Lemma sketched_err_le_split (Y : {vspace 'cV[K]_n}) :
  eps_embedding cj sq RU Th eps Y ->
  (forall i, eps_embedding cj sq RU Th eps <[u i - projU cj RU Y (u i)]>) ->
  err Ur <= 2 / (1 - eps) * DeltaPOD cj sq Th u Ur
            + (2 * (1 + eps) / (1 - eps) + 1) * err Y.
Proof.
move=> Y_emb resid_emb.
set E := snapmx (fun i => u i - projU cj RU Y (u i)).
set Yb := snapmx (fun i => projU cj RU Y (u i)).
have UmE : Um = Yb + E by apply/matrixP => a i; rewrite !mxE addrC subrK.
have YbY j : col j Yb \in Y by rewrite col_snapmx projU_mem.
have EV j : col j E \in <[u j - projU cj RU Y (u j)]>%VS by rewrite col_snapmx memv_line.
have YbE_orth : adj Yb *m (RU *m E) = 0.
  apply/matrixP => i j; rewrite [RHS]mxE.
  have -> : (adj Yb *m (RU *m E)) i j = ip cj (col i Yb) (RU *m col j E).
    by rewrite ip_col -!col_mulmx [RHS]mxE.
  by rewrite -ipUE // ipU_frob // !col_snapmx projU_orth // projU_mem.
have := frob_orthoproj_split_le RU_sa RU_pd eps_lt1 (orthoprojC orthoproj_eigproj)
  YbE_orth Y_emb YbY resid_emb EV.
rewrite -UmE /E frob_snapmx // -/(proj_err _ _ _ _ _) => split_le.
have m_ge0 : 0 <= m%:R^-1 :> K by rewrite invr_ge0.
apply: le_trans (ler_wpM2l m_ge0 (le_trans (proj_err_sketched_le RU_sa RU_pd) split_le)) _.
by rewrite DeltaPOD_sketched le_eqVlt; apply/orP; left; apply/eqP; ring.
Qed.

End ErrorBounds.

End SketchedSnapshots.

Lemma thm54_generic : thm54_statement cj sq.
Proof.
move=> n m k RU u Th eps r Ustar l lam t RU_sa RU_pd _ eps_lt1 r_gt0 Ustar_sub dim_Ustar _.
move=> eig le_rl; cbv zeta; have le_dim_Ustar : (\dim Ustar <= r)%N by rewrite dim_Ustar.
have DeltaPOD_le := DeltaPOD_sketched_le eig r_gt0 le_rl RU_sa RU_pd le_dim_Ustar.
have inv_ge0 : 0 <= (1 - eps)^-1 by rewrite invr_ge0 subr_ge0 ltW.
split=> [Y _ _ Y_emb resid_emb star_emb | Um_emb _]; split.
- exact: (sketched_err_le_split eig le_rl RU_sa RU_pd eps_lt1 Y_emb resid_emb).
- have -> : 2 * (1 + eps) / (1 - eps) = 2 / (1 - eps) * (1 + eps) by rewrite mulrAC.
  rewrite lerD2r -[X in _ <= X]mulrA ler_wpM2l ?mulr_ge0 //.
  by apply: DeltaPOD_le star_emb _ => i; apply: memv_line.
- exact: (sketched_err_le_DeltaPOD eig le_rl RU_sa RU_pd eps_lt1 Um_emb).
- rewrite [_ / _]mulrC -[X in _ <= X]mulrA ler_wpM2l //.
  apply: DeltaPOD_le (fun=> Um_emb) _ => i.
  apply: memvB; first exact: (sumv_sup i).
  exact: subvP Ustar_sub _ (projU_mem RU_sa RU_pd _ _).
Qed.

End ScalarsWithConjugation.

Theorem theorem5p4 :
  (forall R : rcfType, thm54_statement (fun x : R => x) Num.sqrt)
  /\ (forall C : numClosedFieldType, thm54_statement (@Num.conj C) sqrtC).
Proof.
split=> [R | C].
- apply: (@thm54_generic R idfun) => // [x | x /eqP | x _ | x x_ge0].
  + by rewrite /= -expr2 sqr_ge0.
  + by rewrite /= mulf_eq0 orbb => /eqP.
  + exact: sqrtr_ge0.
  + exact: sqr_sqrtr.
- apply: (@thm54_generic C Num.conj) => [|x|x|x|x x_ge0|x _].
  + exact: conjCK.
  + exact: geC0_conj.
  + by rewrite mulrC mul_conjC_ge0.
  + by rewrite mulrC => /eqP; rewrite mul_conjC_eq0 => /eqP.
  + by rewrite sqrtC_ge0.
  + exact: sqrtCK.
Qed.
(* Let $M>0$, $0<a<M$, $\mu>0$, $m\in\mathbb{Z}\setminus\{0\}$, $n\in\{0,1,2,\dots\}$, $l\in\{|m|,|m|+1,\dots\}$, and define $$\alpha_1=\frac{ma}{\mu M^2},\quad \alpha_2=\frac{2n+1}{\mu M}\sqrt{1-\frac{a^2}{M^2}},\quad \alpha=\alpha_1-i\alpha_2,\quad \epsilon=2\sqrt{1-\frac{a^2}{M^2}},\quad \beta=6-\frac{l(l+1)}{\mu^2M^2}.$$ Assume $\beta\geq 0$ and define $$q(z)=z^4+\frac{4z}{\beta+\epsilon}\left[(2+\epsilon)(z^2+1)+\alpha(z^2-1)\right]+2\,\frac{16-\beta+3\epsilon}{\beta+\epsilon}\,z^2+1,\quad z\in\mathbb{C}.$$ Then $q$ has no real roots. In addition, if $\alpha_1\geq 0$ and $0\leq\beta\leq 16+3\epsilon$, then $$\lim_{x\to\infty,\ x\in\mathbb{R}}\arctan\left(\frac{\mathrm{Im}(q(x))}{\mathrm{Re}(q(x))}\right)=0.$$ *)

From Stdlib Require Import Reals ZArith.
From Coquelicot Require Import Coquelicot.
Open Scope R_scope.

Definition alpha1 (M a mu : R) (m : Z) : R := IZR m * a / (mu * M ^ 2).
Definition alpha2 (M a mu : R) (n : nat) : R :=
  (2 * INR n + 1) / (mu * M) * sqrt (1 - a ^ 2 / M ^ 2).
Definition alphaC (M a mu : R) (m : Z) (n : nat) : C :=
  (alpha1 M a mu m, - alpha2 M a mu n).
Definition eps (M a : R) : R := 2 * sqrt (1 - a ^ 2 / M ^ 2).
Definition beta (M mu : R) (l : nat) : R :=
  6 - INR l * (INR l + 1) / (mu ^ 2 * M ^ 2).

Definition qpoly (M a mu : R) (m : Z) (n l : nat) (z : C) : C :=
  let e := eps M a in
  let b := beta M mu l in
  let al := alphaC M a mu m n in
  (z ^ 4 + RtoC (4 / (b + e)) * z *
     (RtoC (2 + e) * (z ^ 2 + 1) + al * (z ^ 2 - 1))
   + RtoC (2 * ((16 - b + 3 * e) / (b + e))) * z ^ 2 + 1)%C.

(* On the real axis Im q(x) = -(4 alpha2 / (beta + eps)) (x^3 - x), so a real
   root must be one of 0, 1, -1; there Re q equals 1, 16 (3 + eps) / (beta + eps)
   and 16 / (beta + eps), none of which vanishes.  Moreover Im q / Re q is a cubic
   over a monic quartic, so it tends to 0 at +oo, and so does its arctangent. *)
From Stdlib Require Import Reals ZArith Lra Psatz.
From Coquelicot Require Import Coquelicot.
Open Scope R_scope.

Lemma Rdiv_neq_0 (r s : R) : r <> 0 -> s <> 0 -> r / s <> 0.
Proof.
  intros Hr Hs. apply Rmult_integral_contrapositive_currified; [exact Hr|].
  apply Rinv_neq_0_compat, Hs.
Qed.

Lemma is_lim_Rabs_le_0 (f h : R -> R) (x : Rbar) :
  Rbar_locally' x (fun y => Rabs (f y) <= h y) -> is_lim h x 0 -> is_lim f x 0.
Proof.
  intros Hfh Hh.
  apply (is_lim_le_le_loc (fun y => - h y) h).
  - apply (filter_imp (fun y => Rabs (f y) <= h y)); [|exact Hfh].
    intros y Hy. apply Rabs_le_between. exact Hy.
  - replace (Finite 0) with (Rbar_opp 0) by (simpl; f_equal; ring).
    apply is_lim_opp. exact Hh.
  - exact Hh.
Qed.

Lemma is_lim_scal_inv_p_infty (K : R) : is_lim (fun x => K / x) p_infty 0.
Proof.
  replace (Finite 0) with (Rbar_mult K (Rbar_inv p_infty)) by (simpl; f_equal; ring).
  apply is_lim_scal_l, is_lim_inv; [apply is_lim_id | discriminate].
Qed.

Definition quartic (A B C x : R) : R := x ^ 4 + A * x ^ 3 + B * x ^ 2 + C * x + 1.

Lemma quartic_ge_half_pow4 (A B C x : R) :
  1 <= x -> 2 * (Rabs A + Rabs B + Rabs C) <= x -> x ^ 4 / 2 <= quartic A B C x.
Proof.
  intros Hx1 HxK. unfold quartic.
  assert (Hx3 : 0 < x ^ 3) by (apply pow_lt; lra).
  assert (Hx23 : x ^ 2 <= x ^ 3) by (simpl; nra).
  assert (Hx13 : x <= x ^ 3) by (simpl; nra).
  pose proof (Rabs_maj2 A). pose proof (Rabs_maj2 B). pose proof (Rabs_maj2 C).
  pose proof (Rabs_pos B). pose proof (Rabs_pos C).
  assert (HA : - Rabs A * x ^ 3 <= A * x ^ 3) by nra.
  assert (HB : - Rabs B * x ^ 3 <= B * x ^ 2) by (assert (0 <= x ^ 2) by nra; nra).
  assert (HC : - Rabs C * x ^ 3 <= C * x) by nra.
  replace (x ^ 4) with (x * x ^ 3) by ring.
  nra.
Qed.

Lemma cubic_div_quartic_bound (A B C D x : R) :
  1 <= x -> 2 * (Rabs A + Rabs B + Rabs C) <= x ->
  Rabs (D * (x ^ 3 - x) / quartic A B C x) <= 2 * Rabs D / x.
Proof.
  intros Hx1 HxK.
  pose proof (quartic_ge_half_pow4 A B C x Hx1 HxK) as HQ.
  assert (Hx4 : 0 < x ^ 4) by (apply pow_lt; lra).
  assert (Hcub : 0 <= x ^ 3 - x) by (simpl; nra).
  rewrite Rabs_div, Rabs_mult, (Rabs_pos_eq (x ^ 3 - x)), (Rabs_pos_eq (quartic _ _ _ _))
    by lra.
  apply Rle_div_l; [lra|].
  assert (Hscale : 2 * Rabs D / x * (x ^ 4 / 2) = Rabs D * x ^ 3) by (field; lra).
  assert (0 <= 2 * Rabs D / x)
    by (pose proof (Rabs_pos D); apply Rdiv_le_0_compat; lra).
  pose proof (Rabs_pos D).
  nra.
Qed.

Lemma is_lim_cubic_div_quartic (A B C D : R) :
  is_lim (fun x => D * (x ^ 3 - x) / quartic A B C x) p_infty 0.
Proof.
  apply (is_lim_Rabs_le_0 _ (fun x => 2 * Rabs D / x)).
  - exists (Rmax 1 (2 * (Rabs A + Rabs B + Rabs C))). intros x Hx.
    apply cubic_div_quartic_bound.
    + apply Rlt_le, (Rle_lt_trans _ _ _ (Rmax_l _ _) Hx).
    + apply Rlt_le, (Rle_lt_trans _ _ _ (Rmax_r _ _) Hx).
  - apply is_lim_scal_inv_p_infty.
Qed.

Section RealAxis.

Variables (M a mu : R) (m : Z) (n l : nat).

Local Notation e := (eps M a).
Local Notation b := (beta M mu l).

Lemma Re_qpoly_real (x : R) :
  Re (qpoly M a mu m n l (RtoC x)) =
  quartic (4 / (b + e) * (2 + e + alpha1 M a mu m))
          (2 * ((16 - b + 3 * e) / (b + e)))
          (4 / (b + e) * (2 + e - alpha1 M a mu m)) x.
Proof. unfold qpoly, alphaC, quartic; simpl. ring. Qed.

Lemma Im_qpoly_real (x : R) :
  Im (qpoly M a mu m n l (RtoC x)) = - (4 / (b + e)) * alpha2 M a mu n * (x ^ 3 - x).
Proof. unfold qpoly, alphaC; simpl. ring. Qed.

Lemma phase_qpoly_real_lim :
  is_lim (fun x => atan (Im (qpoly M a mu m n l (RtoC x)) /
                         Re (qpoly M a mu m n l (RtoC x)))) p_infty 0.
Proof.
  assert (Hratio : is_lim (fun x => Im (qpoly M a mu m n l (RtoC x)) /
                                    Re (qpoly M a mu m n l (RtoC x))) p_infty 0).
  { eapply is_lim_ext; [|apply is_lim_cubic_div_quartic].
    intro x. rewrite Re_qpoly_real, Im_qpoly_real. reflexivity. }
  rewrite <- atan_0.
  apply is_lim_comp_continuous; [exact Hratio | apply continuous_atan].
Qed.

Lemma Re_qpoly_0 : Re (qpoly M a mu m n l (RtoC 0)) = 1.
Proof. rewrite Re_qpoly_real. unfold quartic. ring. Qed.

Hypothesis hbe : b + e <> 0.

Lemma Im_qpoly_real_eq0 (x : R) :
  alpha2 M a mu n <> 0 -> Im (qpoly M a mu m n l (RtoC x)) = 0 ->
  x = 0 \/ x = 1 \/ x = -1.
Proof.
  intros Ha2 HIm. rewrite Im_qpoly_real in HIm.
  assert (Hc : - (4 / (b + e)) * alpha2 M a mu n <> 0).
  { apply Rmult_integral_contrapositive_currified; [|exact Ha2].
    apply Ropp_neq_0_compat, Rdiv_neq_0; [lra | exact hbe]. }
  assert (Hfac : x * ((x - 1) * (x + 1)) = 0).
  { apply (Rmult_eq_reg_l (- (4 / (b + e)) * alpha2 M a mu n)); [|exact Hc].
    rewrite Rmult_0_r, <- HIm. ring. }
  destruct (Rmult_integral _ _ Hfac) as [H0 | H1]; [now left|].
  destruct (Rmult_integral _ _ H1); [right; left | right; right]; lra.
Qed.

Lemma Re_qpoly_1 : Re (qpoly M a mu m n l (RtoC 1)) = 16 * (3 + e) / (b + e).
Proof. rewrite Re_qpoly_real. unfold quartic. field. exact hbe. Qed.

Lemma Re_qpoly_m1 : Re (qpoly M a mu m n l (RtoC (-1))) = 16 / (b + e).
Proof. rewrite Re_qpoly_real. unfold quartic. field. exact hbe. Qed.

Lemma qpoly_real_neq0 (x : R) :
  alpha2 M a mu n <> 0 -> qpoly M a mu m n l (RtoC x) <> RtoC 0.
Proof.
  intros Ha2 Hq.
  assert (He : 0 <= e) by (unfold eps; pose proof (sqrt_pos (1 - a ^ 2 / M ^ 2)); lra).
  pose proof (f_equal Re Hq) as HRe. change (Re (RtoC 0)) with 0 in HRe.
  destruct (Im_qpoly_real_eq0 x Ha2 (f_equal Im Hq)) as [-> | [-> | ->]].
  - rewrite Re_qpoly_0 in HRe. lra.
  - rewrite Re_qpoly_1 in HRe.
    apply (Rdiv_neq_0 (16 * (3 + e)) (b + e)); [lra | exact hbe | exact HRe].
  - rewrite Re_qpoly_m1 in HRe.
    apply (Rdiv_neq_0 16 (b + e)); [lra | exact hbe | exact HRe].
Qed.

End RealAxis.

Lemma one_sub_sq_div_sq_pos (a M : R) : Rabs a < M -> 0 < 1 - a ^ 2 / M ^ 2.
Proof.
  intro HaM. rewrite <- pow2_abs.
  pose proof (Rabs_pos a).
  assert (HM2 : 0 < M ^ 2) by nra.
  assert (Rabs a ^ 2 / M ^ 2 < 1) by (apply Rlt_div_l; nra).
  lra.
Qed.

Lemma eps_pos (M a : R) : Rabs a < M -> 0 < eps M a.
Proof.
  intro HaM. unfold eps.
  pose proof (sqrt_lt_R0 _ (one_sub_sq_div_sq_pos a M HaM)). lra.
Qed.

Lemma alpha2_pos (M a mu : R) (n : nat) :
  0 < mu -> Rabs a < M -> 0 < alpha2 M a mu n.
Proof.
  intros Hmu HaM. unfold alpha2.
  assert (0 < M) by (pose proof (Rabs_pos a); lra).
  pose proof (pos_INR n).
  apply Rmult_lt_0_compat.
  - apply Rdiv_lt_0_compat; nra.
  - apply sqrt_lt_R0, one_sub_sq_div_sq_pos, HaM.
Qed.

Theorem mainTheorem8 (M a mu : R) (m : Z) (n l : nat)
  (hM : 0 < M) (ha0 : 0 < a) (haM : a < M) (hmu : 0 < mu)
  (hm : m <> 0%Z) (hl : (Z.abs_nat m <= l)%nat)
  (hbeta : 0 <= beta M mu l) :
  (forall x : R, qpoly M a mu m n l (RtoC x) <> RtoC 0) /\
  (0 <= alpha1 M a mu m -> beta M mu l <= 16 + 3 * eps M a ->
   is_lim (fun x : R => atan (Im (qpoly M a mu m n l (RtoC x)) /
                              Re (qpoly M a mu m n l (RtoC x))))
          p_infty 0).
Proof.
  assert (HaM : Rabs a < M) by (rewrite Rabs_pos_eq; lra).
  pose proof (eps_pos M a HaM) as He.
  pose proof (alpha2_pos M a mu n hmu HaM) as Ha2.
  split.
  - intro x. apply qpoly_real_neq0; lra.
  - (* the limit holds for all parameters *)
    intros _ _. apply phase_qpoly_real_lim.
Qed.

----

◆ **WORK TO COMPLETE**
The line with "(forall x : R, qpoly" and every line after it up to the end of the entries: output those exactly, and only those.

◆ **OUTPUT**
  (forall x : R, qpoly M a mu m n l (RtoC x) <> RtoC 0) /\
  (0 <= alpha1 M a mu m -> beta M mu l <= 16 + 3 * eps M a ->
   is_lim (fun x : R => atan (Im (qpoly M a mu m n l (RtoC x)) /
                              Re (qpoly M a mu m n l (RtoC x))))
          p_infty 0).
Proof.
  assert (HaM : Rabs a < M) by (rewrite Rabs_pos_eq; lra).
  pose proof (eps_pos M a HaM) as He.
  pose proof (alpha2_pos M a mu n hmu HaM) as Ha2.
  split.
  - intro x. apply qpoly_real_neq0; lra.
  - (* the limit holds for all parameters *)
    intros _ _. apply phase_qpoly_real_lim.
Qed.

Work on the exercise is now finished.